# WHAT TO PRODUCE
From the records below, please repeat exactly the line that has "From mathcomp Require Import all_boot", the line that has "Local Open Scope ring_scope.", and every line between them, and nothing else.

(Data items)
========================================================================

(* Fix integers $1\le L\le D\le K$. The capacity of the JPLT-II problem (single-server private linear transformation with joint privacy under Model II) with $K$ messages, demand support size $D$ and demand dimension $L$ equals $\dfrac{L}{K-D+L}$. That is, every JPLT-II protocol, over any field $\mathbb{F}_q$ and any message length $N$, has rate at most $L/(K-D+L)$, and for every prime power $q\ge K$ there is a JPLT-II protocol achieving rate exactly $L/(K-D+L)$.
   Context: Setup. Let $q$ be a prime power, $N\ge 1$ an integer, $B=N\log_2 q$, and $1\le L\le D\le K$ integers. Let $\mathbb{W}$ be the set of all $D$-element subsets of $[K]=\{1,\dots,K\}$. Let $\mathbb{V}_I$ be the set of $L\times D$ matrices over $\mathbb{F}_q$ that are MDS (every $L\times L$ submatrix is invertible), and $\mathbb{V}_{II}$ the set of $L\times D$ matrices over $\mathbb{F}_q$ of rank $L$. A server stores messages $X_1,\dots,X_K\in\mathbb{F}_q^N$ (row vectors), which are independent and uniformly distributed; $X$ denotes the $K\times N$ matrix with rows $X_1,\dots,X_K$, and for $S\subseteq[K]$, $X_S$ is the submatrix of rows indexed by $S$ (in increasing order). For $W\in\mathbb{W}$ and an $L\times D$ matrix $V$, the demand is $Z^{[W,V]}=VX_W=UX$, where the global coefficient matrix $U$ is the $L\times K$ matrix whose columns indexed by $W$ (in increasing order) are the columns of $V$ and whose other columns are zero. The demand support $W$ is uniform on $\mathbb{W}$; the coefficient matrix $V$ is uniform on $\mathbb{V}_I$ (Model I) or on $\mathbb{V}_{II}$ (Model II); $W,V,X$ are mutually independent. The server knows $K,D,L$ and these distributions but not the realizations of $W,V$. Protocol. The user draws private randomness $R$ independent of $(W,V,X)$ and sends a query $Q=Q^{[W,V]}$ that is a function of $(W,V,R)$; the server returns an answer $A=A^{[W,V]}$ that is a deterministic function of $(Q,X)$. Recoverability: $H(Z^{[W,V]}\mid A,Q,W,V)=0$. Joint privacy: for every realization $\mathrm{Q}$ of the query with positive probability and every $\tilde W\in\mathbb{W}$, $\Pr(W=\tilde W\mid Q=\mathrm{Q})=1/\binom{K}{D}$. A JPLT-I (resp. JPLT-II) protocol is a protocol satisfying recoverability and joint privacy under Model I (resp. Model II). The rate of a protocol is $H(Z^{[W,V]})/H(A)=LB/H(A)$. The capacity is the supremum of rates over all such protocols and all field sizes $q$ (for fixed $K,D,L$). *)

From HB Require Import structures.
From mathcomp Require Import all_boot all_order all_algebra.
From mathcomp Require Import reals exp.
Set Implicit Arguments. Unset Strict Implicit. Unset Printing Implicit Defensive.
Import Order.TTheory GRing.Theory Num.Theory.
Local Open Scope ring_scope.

========================================================================

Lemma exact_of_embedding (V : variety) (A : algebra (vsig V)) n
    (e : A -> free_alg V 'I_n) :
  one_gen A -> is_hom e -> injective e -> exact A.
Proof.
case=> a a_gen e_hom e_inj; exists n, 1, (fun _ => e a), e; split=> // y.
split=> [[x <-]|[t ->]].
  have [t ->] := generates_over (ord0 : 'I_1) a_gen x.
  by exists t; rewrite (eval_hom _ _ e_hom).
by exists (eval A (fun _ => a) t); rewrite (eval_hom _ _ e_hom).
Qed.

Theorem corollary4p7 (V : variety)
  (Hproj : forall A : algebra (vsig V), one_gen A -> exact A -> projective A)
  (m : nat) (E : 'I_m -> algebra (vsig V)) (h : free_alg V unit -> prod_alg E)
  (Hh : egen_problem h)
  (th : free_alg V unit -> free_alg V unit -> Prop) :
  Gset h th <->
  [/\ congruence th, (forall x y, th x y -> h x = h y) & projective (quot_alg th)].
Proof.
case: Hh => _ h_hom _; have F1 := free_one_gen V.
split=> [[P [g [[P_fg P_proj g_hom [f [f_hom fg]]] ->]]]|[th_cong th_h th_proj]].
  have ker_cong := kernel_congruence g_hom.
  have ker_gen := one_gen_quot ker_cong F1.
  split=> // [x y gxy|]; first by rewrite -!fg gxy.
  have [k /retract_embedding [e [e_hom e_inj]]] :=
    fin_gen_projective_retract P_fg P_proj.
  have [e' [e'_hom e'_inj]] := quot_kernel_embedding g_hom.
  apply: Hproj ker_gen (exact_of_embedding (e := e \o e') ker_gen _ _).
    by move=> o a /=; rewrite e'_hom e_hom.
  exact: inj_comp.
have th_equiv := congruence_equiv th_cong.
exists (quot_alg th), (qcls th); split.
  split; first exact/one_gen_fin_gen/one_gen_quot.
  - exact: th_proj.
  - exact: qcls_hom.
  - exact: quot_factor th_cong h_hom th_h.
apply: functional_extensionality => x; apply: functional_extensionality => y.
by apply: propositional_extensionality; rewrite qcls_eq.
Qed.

========================================================================

# REPLY TO THE EXERCISE
From mathcomp Require Import all_boot all_order all_algebra.
From mathcomp Require Import reals exp.
Set Implicit Arguments. Unset Strict Implicit. Unset Printing Implicit Defensive.
Import Order.TTheory GRing.Theory Num.Theory.
Local Open Scope ring_scope.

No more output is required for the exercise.